Your objective: Copying exactly, give the lines in the material below from the one with "elim: s m => [|s IH] m." to the one with "Lemma sqnormE (v", ends included, and nothing besides.

Excerpted records:
▶

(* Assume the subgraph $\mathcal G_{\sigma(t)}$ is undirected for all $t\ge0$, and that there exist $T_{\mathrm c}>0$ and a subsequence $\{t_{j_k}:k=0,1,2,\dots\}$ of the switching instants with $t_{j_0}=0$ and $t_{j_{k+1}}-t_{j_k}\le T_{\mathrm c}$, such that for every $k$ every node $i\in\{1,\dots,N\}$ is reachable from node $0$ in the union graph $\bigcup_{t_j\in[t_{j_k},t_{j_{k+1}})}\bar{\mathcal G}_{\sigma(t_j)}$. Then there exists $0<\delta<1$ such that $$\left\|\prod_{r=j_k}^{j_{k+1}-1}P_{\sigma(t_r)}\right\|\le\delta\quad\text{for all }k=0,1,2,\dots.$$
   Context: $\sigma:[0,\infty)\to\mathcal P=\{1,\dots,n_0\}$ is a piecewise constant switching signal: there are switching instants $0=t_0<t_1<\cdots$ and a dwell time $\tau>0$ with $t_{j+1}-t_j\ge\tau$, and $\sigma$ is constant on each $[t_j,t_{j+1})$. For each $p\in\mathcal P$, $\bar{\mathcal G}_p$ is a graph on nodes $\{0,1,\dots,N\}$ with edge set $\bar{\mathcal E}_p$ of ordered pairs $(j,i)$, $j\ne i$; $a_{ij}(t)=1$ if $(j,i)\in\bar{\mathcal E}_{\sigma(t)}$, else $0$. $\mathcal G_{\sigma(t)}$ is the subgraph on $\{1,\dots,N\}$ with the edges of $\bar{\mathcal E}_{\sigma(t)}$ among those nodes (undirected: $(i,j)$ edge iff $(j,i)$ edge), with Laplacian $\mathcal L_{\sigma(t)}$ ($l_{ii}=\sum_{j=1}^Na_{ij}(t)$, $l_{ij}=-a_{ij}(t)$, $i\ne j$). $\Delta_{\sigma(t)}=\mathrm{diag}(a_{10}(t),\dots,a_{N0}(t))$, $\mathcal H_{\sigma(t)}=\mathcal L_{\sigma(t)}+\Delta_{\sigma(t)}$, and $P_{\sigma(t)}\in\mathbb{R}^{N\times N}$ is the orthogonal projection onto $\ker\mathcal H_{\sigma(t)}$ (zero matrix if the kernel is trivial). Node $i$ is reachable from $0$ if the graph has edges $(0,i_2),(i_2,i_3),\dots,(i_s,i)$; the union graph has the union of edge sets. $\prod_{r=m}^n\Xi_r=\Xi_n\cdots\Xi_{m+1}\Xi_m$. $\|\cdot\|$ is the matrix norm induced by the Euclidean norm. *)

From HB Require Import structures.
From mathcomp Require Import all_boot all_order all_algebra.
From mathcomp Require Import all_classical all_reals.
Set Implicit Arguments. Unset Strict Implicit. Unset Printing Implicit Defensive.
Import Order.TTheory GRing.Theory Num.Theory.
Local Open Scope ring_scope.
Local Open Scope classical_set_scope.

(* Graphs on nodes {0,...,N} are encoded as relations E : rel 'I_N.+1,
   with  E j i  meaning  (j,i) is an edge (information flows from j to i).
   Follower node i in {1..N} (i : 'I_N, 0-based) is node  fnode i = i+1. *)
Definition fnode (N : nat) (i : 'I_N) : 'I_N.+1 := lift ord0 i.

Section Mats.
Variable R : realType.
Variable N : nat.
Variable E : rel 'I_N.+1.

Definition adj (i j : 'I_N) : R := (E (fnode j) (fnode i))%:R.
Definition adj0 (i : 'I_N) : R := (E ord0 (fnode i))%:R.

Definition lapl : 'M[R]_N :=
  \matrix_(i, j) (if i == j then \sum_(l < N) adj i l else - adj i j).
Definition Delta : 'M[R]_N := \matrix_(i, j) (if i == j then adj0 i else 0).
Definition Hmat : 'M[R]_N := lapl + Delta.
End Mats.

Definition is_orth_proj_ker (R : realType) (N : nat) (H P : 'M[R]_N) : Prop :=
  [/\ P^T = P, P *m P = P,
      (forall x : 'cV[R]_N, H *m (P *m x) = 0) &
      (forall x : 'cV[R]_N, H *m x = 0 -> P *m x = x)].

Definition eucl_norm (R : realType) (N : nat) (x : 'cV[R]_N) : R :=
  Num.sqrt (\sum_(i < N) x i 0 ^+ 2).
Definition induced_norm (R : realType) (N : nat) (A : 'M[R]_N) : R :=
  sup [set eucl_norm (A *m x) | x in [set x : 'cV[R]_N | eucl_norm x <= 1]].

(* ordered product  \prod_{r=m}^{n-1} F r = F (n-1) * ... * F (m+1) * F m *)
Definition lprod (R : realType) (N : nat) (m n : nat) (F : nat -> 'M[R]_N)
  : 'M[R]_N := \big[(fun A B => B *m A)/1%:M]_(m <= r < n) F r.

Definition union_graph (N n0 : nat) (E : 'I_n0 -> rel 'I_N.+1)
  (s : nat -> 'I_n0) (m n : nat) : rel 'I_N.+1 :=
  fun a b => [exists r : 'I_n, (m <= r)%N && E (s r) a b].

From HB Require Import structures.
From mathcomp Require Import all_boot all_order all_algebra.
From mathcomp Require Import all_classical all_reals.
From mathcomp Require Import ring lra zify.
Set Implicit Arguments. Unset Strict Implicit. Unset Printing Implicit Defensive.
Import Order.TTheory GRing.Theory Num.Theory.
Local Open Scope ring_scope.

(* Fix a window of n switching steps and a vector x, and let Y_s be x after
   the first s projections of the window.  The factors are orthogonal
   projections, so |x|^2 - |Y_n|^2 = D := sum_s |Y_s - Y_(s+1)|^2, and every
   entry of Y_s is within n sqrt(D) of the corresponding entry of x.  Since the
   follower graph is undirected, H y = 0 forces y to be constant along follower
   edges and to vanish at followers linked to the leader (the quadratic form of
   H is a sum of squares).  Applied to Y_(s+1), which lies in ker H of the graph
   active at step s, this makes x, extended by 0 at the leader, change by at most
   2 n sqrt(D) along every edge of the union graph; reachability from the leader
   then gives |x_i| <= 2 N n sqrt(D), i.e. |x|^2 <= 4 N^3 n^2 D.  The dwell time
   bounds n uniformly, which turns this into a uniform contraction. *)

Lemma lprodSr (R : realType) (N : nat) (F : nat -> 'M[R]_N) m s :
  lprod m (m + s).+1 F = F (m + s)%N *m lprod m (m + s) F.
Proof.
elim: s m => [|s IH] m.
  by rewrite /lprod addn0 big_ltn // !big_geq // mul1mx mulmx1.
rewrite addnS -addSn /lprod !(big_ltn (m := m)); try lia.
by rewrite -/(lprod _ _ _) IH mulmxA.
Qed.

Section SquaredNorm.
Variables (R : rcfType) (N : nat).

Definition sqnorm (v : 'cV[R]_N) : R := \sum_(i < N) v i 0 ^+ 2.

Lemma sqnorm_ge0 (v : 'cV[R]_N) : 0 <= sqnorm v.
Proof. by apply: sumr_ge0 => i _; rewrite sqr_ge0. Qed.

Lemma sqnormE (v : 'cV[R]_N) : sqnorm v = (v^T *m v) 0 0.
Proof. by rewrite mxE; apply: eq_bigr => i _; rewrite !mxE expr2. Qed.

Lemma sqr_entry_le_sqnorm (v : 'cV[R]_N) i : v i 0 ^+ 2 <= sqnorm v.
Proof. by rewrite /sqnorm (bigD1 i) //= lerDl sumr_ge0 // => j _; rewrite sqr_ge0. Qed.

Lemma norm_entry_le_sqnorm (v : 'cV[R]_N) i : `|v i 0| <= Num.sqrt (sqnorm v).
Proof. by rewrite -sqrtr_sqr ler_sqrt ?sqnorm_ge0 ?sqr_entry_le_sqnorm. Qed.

◀
▶

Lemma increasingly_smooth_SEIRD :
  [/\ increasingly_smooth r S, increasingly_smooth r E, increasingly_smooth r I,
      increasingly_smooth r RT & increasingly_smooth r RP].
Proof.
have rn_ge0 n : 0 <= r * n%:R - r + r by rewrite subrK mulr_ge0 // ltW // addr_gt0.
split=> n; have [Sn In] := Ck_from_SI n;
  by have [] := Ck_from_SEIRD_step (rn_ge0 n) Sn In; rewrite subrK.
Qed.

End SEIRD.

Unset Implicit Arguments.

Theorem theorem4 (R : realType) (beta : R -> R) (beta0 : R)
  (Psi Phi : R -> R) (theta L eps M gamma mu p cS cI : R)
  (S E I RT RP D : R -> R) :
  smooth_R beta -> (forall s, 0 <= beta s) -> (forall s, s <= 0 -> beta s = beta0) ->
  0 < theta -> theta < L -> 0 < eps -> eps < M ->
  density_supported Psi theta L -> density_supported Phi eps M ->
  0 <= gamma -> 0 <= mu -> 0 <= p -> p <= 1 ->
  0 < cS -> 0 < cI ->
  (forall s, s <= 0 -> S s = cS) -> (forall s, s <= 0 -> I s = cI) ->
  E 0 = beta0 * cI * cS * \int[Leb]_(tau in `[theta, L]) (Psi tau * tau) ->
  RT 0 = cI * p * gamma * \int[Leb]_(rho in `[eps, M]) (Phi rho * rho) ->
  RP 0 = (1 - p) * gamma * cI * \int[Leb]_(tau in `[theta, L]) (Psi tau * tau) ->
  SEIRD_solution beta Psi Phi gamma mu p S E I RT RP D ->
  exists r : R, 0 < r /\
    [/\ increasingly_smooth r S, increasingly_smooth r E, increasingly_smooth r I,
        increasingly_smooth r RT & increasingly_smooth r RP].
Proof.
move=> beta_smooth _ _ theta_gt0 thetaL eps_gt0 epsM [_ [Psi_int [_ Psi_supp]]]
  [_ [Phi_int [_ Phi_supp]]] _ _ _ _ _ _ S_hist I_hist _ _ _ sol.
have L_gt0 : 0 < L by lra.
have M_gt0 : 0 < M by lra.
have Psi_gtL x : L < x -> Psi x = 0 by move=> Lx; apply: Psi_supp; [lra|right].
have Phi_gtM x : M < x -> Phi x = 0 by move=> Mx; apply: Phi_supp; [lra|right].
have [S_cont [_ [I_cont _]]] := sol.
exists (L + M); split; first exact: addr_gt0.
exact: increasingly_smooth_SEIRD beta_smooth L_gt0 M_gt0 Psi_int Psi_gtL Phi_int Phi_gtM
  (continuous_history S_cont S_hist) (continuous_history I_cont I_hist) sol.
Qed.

◀

Answer to this problem:
elim: s m => [|s IH] m.
  by rewrite /lprod addn0 big_ltn // !big_geq // mul1mx mulmx1.
rewrite addnS -addSn /lprod !(big_ltn (m := m)); try lia.
by rewrite -/(lprod _ _ _) IH mulmxA.
Qed.

Section SquaredNorm.
Variables (R : rcfType) (N : nat).

Definition sqnorm (v : 'cV[R]_N) : R := \sum_(i < N) v i 0 ^+ 2.

Lemma sqnorm_ge0 (v : 'cV[R]_N) : 0 <= sqnorm v.
Proof. by apply: sumr_ge0 => i _; rewrite sqr_ge0. Qed.

Lemma sqnormE (v : 'cV[R]_N) : sqnorm v = (v^T *m v) 0 0.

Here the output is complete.